• **WORK INSTRUCTIONS**: The required output is the lines below from the line containing "Definition principal_idx := [set" to the line containing "rewrite /upper_sum (eq_bigr", inclusive, retyped exactly. No other lines belong in it.

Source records
┌────────
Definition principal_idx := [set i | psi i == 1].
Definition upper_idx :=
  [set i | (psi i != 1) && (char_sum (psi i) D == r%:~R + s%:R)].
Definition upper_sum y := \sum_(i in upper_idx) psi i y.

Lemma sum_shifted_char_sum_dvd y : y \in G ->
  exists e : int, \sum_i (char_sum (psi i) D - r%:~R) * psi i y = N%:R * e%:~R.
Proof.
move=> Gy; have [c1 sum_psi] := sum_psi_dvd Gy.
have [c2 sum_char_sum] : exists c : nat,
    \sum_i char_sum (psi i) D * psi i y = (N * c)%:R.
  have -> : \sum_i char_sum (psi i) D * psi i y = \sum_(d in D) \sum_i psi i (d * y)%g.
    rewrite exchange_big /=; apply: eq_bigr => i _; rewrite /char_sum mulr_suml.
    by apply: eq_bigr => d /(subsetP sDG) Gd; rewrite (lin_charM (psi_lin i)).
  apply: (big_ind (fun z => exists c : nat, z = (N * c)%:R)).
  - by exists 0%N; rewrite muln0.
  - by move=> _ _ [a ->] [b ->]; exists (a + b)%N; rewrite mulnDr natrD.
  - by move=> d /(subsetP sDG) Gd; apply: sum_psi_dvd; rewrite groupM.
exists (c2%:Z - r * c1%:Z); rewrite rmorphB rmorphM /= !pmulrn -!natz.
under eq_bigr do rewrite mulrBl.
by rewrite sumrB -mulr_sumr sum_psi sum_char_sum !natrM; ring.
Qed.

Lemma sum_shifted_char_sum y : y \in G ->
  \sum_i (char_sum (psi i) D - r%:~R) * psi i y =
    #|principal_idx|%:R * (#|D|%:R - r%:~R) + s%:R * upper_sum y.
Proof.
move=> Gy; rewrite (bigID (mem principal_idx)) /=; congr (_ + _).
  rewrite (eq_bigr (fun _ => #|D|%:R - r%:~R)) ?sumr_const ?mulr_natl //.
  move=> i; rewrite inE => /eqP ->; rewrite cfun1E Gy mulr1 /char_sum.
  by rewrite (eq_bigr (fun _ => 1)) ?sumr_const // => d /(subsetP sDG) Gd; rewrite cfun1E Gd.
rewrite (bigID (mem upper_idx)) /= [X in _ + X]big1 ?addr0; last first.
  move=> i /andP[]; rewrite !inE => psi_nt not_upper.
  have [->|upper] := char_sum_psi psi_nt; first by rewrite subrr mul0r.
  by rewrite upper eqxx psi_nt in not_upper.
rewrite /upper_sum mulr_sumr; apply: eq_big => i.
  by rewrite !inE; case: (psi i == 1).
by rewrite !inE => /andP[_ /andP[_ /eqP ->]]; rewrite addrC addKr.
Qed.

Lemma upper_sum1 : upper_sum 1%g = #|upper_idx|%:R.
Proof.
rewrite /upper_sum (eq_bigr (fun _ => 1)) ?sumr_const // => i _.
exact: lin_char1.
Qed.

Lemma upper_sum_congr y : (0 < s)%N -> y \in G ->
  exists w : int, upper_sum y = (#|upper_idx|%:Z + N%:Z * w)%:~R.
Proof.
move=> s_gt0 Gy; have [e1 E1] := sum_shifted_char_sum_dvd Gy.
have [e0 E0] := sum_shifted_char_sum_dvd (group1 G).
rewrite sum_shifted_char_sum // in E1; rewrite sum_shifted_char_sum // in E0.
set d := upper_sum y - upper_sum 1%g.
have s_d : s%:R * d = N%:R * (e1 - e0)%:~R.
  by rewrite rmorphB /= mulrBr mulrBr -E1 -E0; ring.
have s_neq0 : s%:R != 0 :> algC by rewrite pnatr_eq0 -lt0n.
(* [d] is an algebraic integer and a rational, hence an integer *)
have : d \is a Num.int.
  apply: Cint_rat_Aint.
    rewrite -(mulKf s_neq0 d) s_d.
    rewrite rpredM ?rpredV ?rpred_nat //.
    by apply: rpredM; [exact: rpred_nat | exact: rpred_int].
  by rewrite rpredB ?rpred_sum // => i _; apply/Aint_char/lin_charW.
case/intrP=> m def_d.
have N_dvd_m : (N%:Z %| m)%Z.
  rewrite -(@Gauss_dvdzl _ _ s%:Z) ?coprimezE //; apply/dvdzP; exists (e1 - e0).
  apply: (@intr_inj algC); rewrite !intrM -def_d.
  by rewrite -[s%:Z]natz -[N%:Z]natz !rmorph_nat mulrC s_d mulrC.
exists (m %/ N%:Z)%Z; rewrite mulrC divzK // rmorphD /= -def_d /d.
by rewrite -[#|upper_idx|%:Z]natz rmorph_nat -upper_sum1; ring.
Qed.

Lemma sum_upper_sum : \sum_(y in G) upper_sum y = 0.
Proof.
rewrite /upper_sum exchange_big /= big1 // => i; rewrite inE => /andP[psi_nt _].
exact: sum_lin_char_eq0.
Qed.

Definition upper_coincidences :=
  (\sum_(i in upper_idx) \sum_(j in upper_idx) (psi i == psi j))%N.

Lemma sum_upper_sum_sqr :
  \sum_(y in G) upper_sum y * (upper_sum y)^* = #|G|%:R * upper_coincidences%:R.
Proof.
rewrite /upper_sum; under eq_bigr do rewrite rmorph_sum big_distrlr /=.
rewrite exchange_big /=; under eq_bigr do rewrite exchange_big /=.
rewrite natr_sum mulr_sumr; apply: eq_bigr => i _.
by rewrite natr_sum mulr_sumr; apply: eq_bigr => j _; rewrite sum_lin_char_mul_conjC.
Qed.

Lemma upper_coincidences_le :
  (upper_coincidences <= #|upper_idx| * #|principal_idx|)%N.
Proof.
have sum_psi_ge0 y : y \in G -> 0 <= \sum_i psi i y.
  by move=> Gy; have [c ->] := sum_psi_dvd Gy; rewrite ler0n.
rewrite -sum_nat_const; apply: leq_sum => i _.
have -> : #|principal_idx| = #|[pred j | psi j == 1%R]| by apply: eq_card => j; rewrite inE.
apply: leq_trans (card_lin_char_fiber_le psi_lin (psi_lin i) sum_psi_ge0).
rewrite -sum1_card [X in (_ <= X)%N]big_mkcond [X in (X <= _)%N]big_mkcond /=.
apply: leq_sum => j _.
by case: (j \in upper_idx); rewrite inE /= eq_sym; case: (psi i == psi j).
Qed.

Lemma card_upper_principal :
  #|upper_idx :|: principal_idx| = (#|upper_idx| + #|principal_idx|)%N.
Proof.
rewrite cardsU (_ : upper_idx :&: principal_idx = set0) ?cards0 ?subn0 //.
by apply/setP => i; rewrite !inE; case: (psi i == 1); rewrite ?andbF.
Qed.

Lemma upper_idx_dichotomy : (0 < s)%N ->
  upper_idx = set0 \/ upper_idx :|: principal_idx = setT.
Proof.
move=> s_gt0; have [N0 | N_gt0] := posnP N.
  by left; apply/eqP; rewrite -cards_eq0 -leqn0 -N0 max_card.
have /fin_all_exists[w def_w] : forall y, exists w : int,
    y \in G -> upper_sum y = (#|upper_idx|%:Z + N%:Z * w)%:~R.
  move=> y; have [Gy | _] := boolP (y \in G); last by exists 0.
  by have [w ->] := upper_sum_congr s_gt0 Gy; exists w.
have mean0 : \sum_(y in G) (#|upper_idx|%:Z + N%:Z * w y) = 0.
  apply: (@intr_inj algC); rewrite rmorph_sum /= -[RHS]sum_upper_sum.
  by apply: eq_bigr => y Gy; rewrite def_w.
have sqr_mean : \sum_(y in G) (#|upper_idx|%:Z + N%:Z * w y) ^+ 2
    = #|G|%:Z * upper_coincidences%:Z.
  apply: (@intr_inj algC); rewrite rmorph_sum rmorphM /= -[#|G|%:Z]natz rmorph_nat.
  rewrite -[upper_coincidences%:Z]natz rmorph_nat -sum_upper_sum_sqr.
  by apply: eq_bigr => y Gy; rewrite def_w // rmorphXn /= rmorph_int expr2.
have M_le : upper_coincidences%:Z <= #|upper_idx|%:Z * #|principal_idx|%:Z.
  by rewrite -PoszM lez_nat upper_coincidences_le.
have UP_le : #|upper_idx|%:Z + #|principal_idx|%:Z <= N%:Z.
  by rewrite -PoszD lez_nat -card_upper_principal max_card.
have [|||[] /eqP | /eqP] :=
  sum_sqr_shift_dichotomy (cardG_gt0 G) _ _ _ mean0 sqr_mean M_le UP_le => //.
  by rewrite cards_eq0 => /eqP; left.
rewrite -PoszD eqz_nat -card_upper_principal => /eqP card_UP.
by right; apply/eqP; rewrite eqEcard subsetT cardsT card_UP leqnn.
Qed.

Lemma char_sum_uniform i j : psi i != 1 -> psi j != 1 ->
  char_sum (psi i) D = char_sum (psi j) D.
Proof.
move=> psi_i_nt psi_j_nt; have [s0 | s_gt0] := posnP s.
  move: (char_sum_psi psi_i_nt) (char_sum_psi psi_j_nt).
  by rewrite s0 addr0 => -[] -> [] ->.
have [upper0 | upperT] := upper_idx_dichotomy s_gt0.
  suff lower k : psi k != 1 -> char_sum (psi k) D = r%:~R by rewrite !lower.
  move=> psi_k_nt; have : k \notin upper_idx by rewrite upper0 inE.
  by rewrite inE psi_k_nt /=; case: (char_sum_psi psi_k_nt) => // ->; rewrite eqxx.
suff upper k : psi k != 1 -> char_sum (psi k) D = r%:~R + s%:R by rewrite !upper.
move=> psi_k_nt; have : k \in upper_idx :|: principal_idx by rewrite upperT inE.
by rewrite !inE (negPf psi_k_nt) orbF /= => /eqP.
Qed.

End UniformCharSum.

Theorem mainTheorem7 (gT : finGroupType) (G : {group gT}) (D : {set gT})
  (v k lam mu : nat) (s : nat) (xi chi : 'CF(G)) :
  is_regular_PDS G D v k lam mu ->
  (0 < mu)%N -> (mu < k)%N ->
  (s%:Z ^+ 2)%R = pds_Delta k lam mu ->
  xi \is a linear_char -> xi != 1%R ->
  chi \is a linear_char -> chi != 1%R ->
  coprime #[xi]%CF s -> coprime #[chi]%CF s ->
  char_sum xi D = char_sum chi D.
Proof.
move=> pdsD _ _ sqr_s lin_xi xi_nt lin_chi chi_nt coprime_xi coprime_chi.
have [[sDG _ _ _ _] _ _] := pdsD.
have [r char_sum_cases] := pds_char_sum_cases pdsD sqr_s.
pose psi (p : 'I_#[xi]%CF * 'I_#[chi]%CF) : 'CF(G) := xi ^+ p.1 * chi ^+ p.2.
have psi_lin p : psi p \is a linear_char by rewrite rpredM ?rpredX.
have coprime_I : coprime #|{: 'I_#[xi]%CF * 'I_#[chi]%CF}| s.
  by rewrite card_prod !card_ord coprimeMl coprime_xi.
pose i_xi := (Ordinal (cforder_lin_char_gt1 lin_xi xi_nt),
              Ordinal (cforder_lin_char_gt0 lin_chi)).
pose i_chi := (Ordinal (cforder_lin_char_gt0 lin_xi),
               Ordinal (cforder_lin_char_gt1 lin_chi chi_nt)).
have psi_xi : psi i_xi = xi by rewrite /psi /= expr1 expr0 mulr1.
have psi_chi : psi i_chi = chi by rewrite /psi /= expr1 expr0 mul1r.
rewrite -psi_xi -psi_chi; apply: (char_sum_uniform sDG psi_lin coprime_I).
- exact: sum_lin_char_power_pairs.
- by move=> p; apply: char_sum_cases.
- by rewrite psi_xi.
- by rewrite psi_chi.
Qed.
└────────
┌────────
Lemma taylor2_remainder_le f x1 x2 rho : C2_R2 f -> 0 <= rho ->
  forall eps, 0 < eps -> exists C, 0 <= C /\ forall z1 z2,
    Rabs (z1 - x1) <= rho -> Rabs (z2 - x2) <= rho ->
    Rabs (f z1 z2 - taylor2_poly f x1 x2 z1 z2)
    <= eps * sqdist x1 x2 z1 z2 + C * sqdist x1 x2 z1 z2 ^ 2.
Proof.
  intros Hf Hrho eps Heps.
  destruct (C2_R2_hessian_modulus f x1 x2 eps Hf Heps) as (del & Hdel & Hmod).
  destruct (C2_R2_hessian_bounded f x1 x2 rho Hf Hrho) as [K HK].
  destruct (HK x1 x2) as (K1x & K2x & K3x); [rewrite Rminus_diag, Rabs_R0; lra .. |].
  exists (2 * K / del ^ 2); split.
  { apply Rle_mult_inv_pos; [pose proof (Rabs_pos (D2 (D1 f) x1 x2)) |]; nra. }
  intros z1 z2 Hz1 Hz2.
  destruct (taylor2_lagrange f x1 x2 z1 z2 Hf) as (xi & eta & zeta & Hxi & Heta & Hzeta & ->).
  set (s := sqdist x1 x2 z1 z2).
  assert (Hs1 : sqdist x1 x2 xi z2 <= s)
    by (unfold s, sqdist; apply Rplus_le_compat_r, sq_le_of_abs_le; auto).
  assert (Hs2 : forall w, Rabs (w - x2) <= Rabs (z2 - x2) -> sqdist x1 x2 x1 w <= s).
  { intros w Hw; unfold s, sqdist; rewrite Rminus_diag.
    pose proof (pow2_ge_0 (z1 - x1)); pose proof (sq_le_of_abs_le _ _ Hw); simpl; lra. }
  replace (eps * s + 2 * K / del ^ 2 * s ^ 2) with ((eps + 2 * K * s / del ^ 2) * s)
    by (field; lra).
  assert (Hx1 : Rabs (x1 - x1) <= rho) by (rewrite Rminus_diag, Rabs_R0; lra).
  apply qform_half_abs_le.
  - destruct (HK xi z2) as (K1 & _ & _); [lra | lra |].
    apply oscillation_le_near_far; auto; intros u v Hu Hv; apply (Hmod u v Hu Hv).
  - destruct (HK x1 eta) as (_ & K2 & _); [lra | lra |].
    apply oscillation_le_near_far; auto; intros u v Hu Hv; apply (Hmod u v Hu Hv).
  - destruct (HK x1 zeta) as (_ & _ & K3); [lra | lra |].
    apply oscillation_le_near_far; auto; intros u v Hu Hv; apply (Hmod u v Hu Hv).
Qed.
└────────
• **THE COMPLETED TASK**:
Definition principal_idx := [set i | psi i == 1].
Definition upper_idx :=
  [set i | (psi i != 1) && (char_sum (psi i) D == r%:~R + s%:R)].
Definition upper_sum y := \sum_(i in upper_idx) psi i y.

Lemma sum_shifted_char_sum_dvd y : y \in G ->
  exists e : int, \sum_i (char_sum (psi i) D - r%:~R) * psi i y = N%:R * e%:~R.
Proof.
move=> Gy; have [c1 sum_psi] := sum_psi_dvd Gy.
have [c2 sum_char_sum] : exists c : nat,
    \sum_i char_sum (psi i) D * psi i y = (N * c)%:R.
  have -> : \sum_i char_sum (psi i) D * psi i y = \sum_(d in D) \sum_i psi i (d * y)%g.
    rewrite exchange_big /=; apply: eq_bigr => i _; rewrite /char_sum mulr_suml.
    by apply: eq_bigr => d /(subsetP sDG) Gd; rewrite (lin_charM (psi_lin i)).
  apply: (big_ind (fun z => exists c : nat, z = (N * c)%:R)).
  - by exists 0%N; rewrite muln0.
  - by move=> _ _ [a ->] [b ->]; exists (a + b)%N; rewrite mulnDr natrD.
  - by move=> d /(subsetP sDG) Gd; apply: sum_psi_dvd; rewrite groupM.
exists (c2%:Z - r * c1%:Z); rewrite rmorphB rmorphM /= !pmulrn -!natz.
under eq_bigr do rewrite mulrBl.
by rewrite sumrB -mulr_sumr sum_psi sum_char_sum !natrM; ring.
Qed.

Lemma sum_shifted_char_sum y : y \in G ->
  \sum_i (char_sum (psi i) D - r%:~R) * psi i y =
    #|principal_idx|%:R * (#|D|%:R - r%:~R) + s%:R * upper_sum y.
Proof.
move=> Gy; rewrite (bigID (mem principal_idx)) /=; congr (_ + _).
  rewrite (eq_bigr (fun _ => #|D|%:R - r%:~R)) ?sumr_const ?mulr_natl //.
  move=> i; rewrite inE => /eqP ->; rewrite cfun1E Gy mulr1 /char_sum.
  by rewrite (eq_bigr (fun _ => 1)) ?sumr_const // => d /(subsetP sDG) Gd; rewrite cfun1E Gd.
rewrite (bigID (mem upper_idx)) /= [X in _ + X]big1 ?addr0; last first.
  move=> i /andP[]; rewrite !inE => psi_nt not_upper.
  have [->|upper] := char_sum_psi psi_nt; first by rewrite subrr mul0r.
  by rewrite upper eqxx psi_nt in not_upper.
rewrite /upper_sum mulr_sumr; apply: eq_big => i.
  by rewrite !inE; case: (psi i == 1).
by rewrite !inE => /andP[_ /andP[_ /eqP ->]]; rewrite addrC addKr.
Qed.

Lemma upper_sum1 : upper_sum 1%g = #|upper_idx|%:R.
Proof.
rewrite /upper_sum (eq_bigr (fun _ => 1)) ?sumr_const // => i _.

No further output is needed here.